Eisert, who twice went to CWS at Oregon State, succeeds more through guile than velocity. He slipped to the 18th round in 2019, when Toronto selected him. He was purchased by Tampa Bay in January but then claimed on waivers by Getz only two weeks later.

Like the others, Eisert has responded to the opportunity he was presented with the White Sox rebuild. He’s 2-1 with a 4.33 ERA in 36 appearances. His fastball averages only 89.6 mph yet his slider and changeup have allowed him to amass a 26.3 K-rate, which ranks in the 75th percentile on Statcast.

At 27, Eisert is the old man among the Sox’s entry-level arms. But he presents a high value for future seasons, especially if he can develop a put-away pitch for left-handed hitters. They are hitting .328 off him, compared to .241 for right-handed hitters.

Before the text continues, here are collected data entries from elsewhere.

(* Let $p$ be an odd prime, $K$ a finite extension of $\mathbb{Q}_p$, and $K\subset K'\subset M\subset F$ finite extensions with $F/K$ Galois and $M/K'$ Galois. Let $E$ be a finite Galois extension of $\mathbb{Q}_p$ with $F\subset E$, let $\chi:\mathrm{Gal}(M/K')\to E^{\times}$ be a character, and put $m=[K':K]$. Then there exist $x_1,\dots,x_m\in M\otimes_K E$ such that: (i) for $x\in M\otimes_K E$, one has $gx=(1\otimes\chi(g)^{-1})x$ for all $g\in\mathrm{Gal}(M/K')$ if and only if $x=\sum_{i=1}^m(1\otimes a_i)x_i$ for some $a_1,\dots,a_m\in E$; (ii) for $a_1,\dots,a_m\in E$, one has $\sum_{i=1}^m(1\otimes a_i)x_i\in(M\otimes_K E)^{\times}$ if and only if $a_i\neq0$ for all $i$.
   Context: $\mathrm{Gal}(M/K')$ acts on $M\otimes_K E$ through the first tensor factor; $K$ acts on $E$ via the natural inclusion $K\subset E$. *)

From HB Require Import structures.
From mathcomp Require Import all_boot all_order all_algebra all_fingroup all_field.
Set Implicit Arguments. Unset Strict Implicit. Unset Printing Implicit Defensive.
Import GRing.Theory.
Local Open Scope ring_scope.

(* Model of the base change  M (x)_K E, where the base field K is the ground
   field of L : splittingFieldType K and M, E : {subfield L}.
   Using the K-basis b := vbasis M of M, an element  sum_i b_i (x) e_i  of
   M (x)_K E is represented by the row vector (e_i)_i; it belongs to
   M (x)_K E iff every e_i lies in E. *)
Section Tensor.
Variables (K : fieldType) (L : splittingFieldType K) (M E : {subfield L}).

Definition tens := 'rV[L]_(\dim M).

Local Notation b := (vbasis M).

While the White Sox are shopping veteran pitchers Adrian Houser, Aaron Civale, Steven Wilson and Dan Altavilla, it figures contenders may ask about the five rookies as well. The White Sox would have to be offered a lot of talent in return, as Taylor, Smith, Burke, Vasil and Eisert could easily worth more than one-third of the total innings next season, while costing the team less than $5 million total.

Those five have combined for 3.8 WAR this season. That total could grow to 10-plus WAR in 2026, an amazing return for an organization that is getting its act together.